* EXERCISE INSTRUCTIONS: For the entries below, the result should be an exact transcription of the lines from the one with "[forall i, S i != set0] &&" up to and including the one with "[disjoint (P i).1 :|: (P", and only those.

(DATA SECTION begins)

(* Let $G$ be any weighted finite graph with $N$ vertices. Then for each $1\leq k\leq N$, \[ \overline{h}(k)\leq 1-h(k). \] Moreover: (i) $\overline{h}(k)=1$ if and only if $G$ has at least $k$ connected components each of which is bipartite. (ii) If $G$ is bipartite, then $h(k)+\overline{h}(k)=1$ for each $1\leq k\leq N$. (iii) If $h(k)+\overline{h}(k)=1$, then for a $k$-sub-bipartition $\{(V_{2i-1},V_{2i})\}_{i=1}^k$ attaining the maximum in the definition of $\overline{h}(k)$, and an index $i_0$ with $\phi(V_{2i_0-1}\cup V_{2i_0})=\max_{1\leq i\leq k}\phi(V_{2i-1}\cup V_{2i})$, one has $|E(V_{2i_0-1},V_{2i_0-1})|=|E(V_{2i_0},V_{2i_0})|=0$.
   Context: $G=(V,E,w)$ is a finite undirected graph without self-loops, with $N=|V|$; each edge $\{u,v\}$ carries a positive symmetric weight $w_{uv}$, and $w_{uv}=0$ for non-edges. $d_u=\sum_v w_{uv}$ (implicitly positive). For $A,B\subseteq V$, $|E(A,B)|:=\sum_{u\in A,v\in B}w_{uv}$, $\mathrm{vol}(A):=\sum_{u\in A}d_u$, $\overline{A}=V\setminus A$. For nonempty $S$, $\phi(S):=|E(S,\overline{S})|/\mathrm{vol}(S)$; $h(k):=\min\max_{1\leq i\leq k}\phi(S_i)$ over all collections of $k$ nonempty pairwise disjoint subsets $S_1,\ldots,S_k\subseteq V$. For disjoint $V_1,V_2$ with $V_1\cup V_2\neq\emptyset$, $\overline{\phi}(V_1,V_2):=2|E(V_1,V_2)|/\mathrm{vol}(V_1\cup V_2)$. A $k$-sub-bipartition is a collection of $k$ pairs $(V_1,V_2),\ldots,(V_{2k-1},V_{2k})$ of pairwise disjoint subsets of $V$ with $V_{2i-1}\cup V_{2i}\neq\emptyset$ for each $i$ (individual sets may be empty); $\overline{h}(k):=\max\min_{1\leq i\leq k}\overline{\phi}(V_{2i-1},V_{2i})$ over all $k$-sub-bipartitions. A graph is bipartite if its vertex set splits into two classes with every edge joining vertices of different classes. *)

From mathcomp Require Import all_boot all_order all_algebra.
Set Implicit Arguments. Unset Strict Implicit. Unset Printing Implicit Defensive.
Import Order.TTheory GRing.Theory Num.Theory.
Local Open Scope ring_scope.

Section Graph.
Variables (R : realFieldType) (V : finType) (w : V -> V -> R).

Definition cutw (A B : {set V}) : R := \sum_(u in A) \sum_(v in B) w u v.
Definition deg (u : V) : R := \sum_(v : V) w u v.
Definition vol (A : {set V}) : R := \sum_(u in A) deg u.
Definition phi (S : {set V}) : R := cutw S (~: S) / vol S.
Definition phibar (A B : {set V}) : R := 2 * cutw A B / vol (A :|: B).

Definition is_kcoll (k : nat) (S : {ffun 'I_k -> {set V}}) : bool :=
  [forall i, S i != set0] &&
  [forall i, forall j, (i != j) ==> [disjoint S i & S j]].

(* k-sub-bipartition: pairs (P i).1 = V_{2i-1}, (P i).2 = V_{2i}; all 2k sets
   pairwise disjoint, each pair with nonempty union *)
Definition is_ksubbip (k : nat) (P : {ffun 'I_k -> {set V} * {set V}}) : bool :=
  [forall i, ((P i).1 :|: (P i).2 != set0) && [disjoint (P i).1 & (P i).2]] &&
  [forall i, forall j, (i != j) ==>
     [disjoint (P i).1 :|: (P i).2 & (P j).1 :|: (P j).2]].

Definition maxphi (k : nat) (S : {ffun 'I_k -> {set V}}) : R :=
  \big[Num.max/0]_(i < k) phi (S i).

Definition minphibar (k : nat) (P : {ffun 'I_k -> {set V} * {set V}}) : R :=
  \big[Num.min/1]_(i < k) phibar (P i).1 (P i).2.

(* h(k) = min over k-collections of max_i phi(S_i).  The neutral element 1 of
   the outer min is irrelevant when a k-collection exists (k <= N), since
   phi <= 1 whenever w >= 0. *)
Definition h (k : nat) : R :=
  \big[Num.min/1]_(S : {ffun 'I_k -> {set V}} | is_kcoll S) maxphi S.

(* hbar(k) = max over k-sub-bipartitions of min_i phibar. Neutral element 0
   is irrelevant since phibar >= 0 and sub-bipartitions exist for k <= N. *)
Definition hbar (k : nat) : R :=
  \big[Num.max/0]_(P : {ffun 'I_k -> {set V} * {set V}} | is_ksubbip P)
     minphibar P.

(DATA SECTION ends)

* ANSWER TO THE EXERCISE:
  [forall i, S i != set0] &&
  [forall i, forall j, (i != j) ==> [disjoint S i & S j]].

(* k-sub-bipartition: pairs (P i).1 = V_{2i-1}, (P i).2 = V_{2i}; all 2k sets
   pairwise disjoint, each pair with nonempty union *)
Definition is_ksubbip (k : nat) (P : {ffun 'I_k -> {set V} * {set V}}) : bool :=
  [forall i, ((P i).1 :|: (P i).2 != set0) && [disjoint (P i).1 & (P i).2]] &&
  [forall i, forall j, (i != j) ==>
     [disjoint (P i).1 :|: (P i).2 & (P j).1 :|: (P j).2]].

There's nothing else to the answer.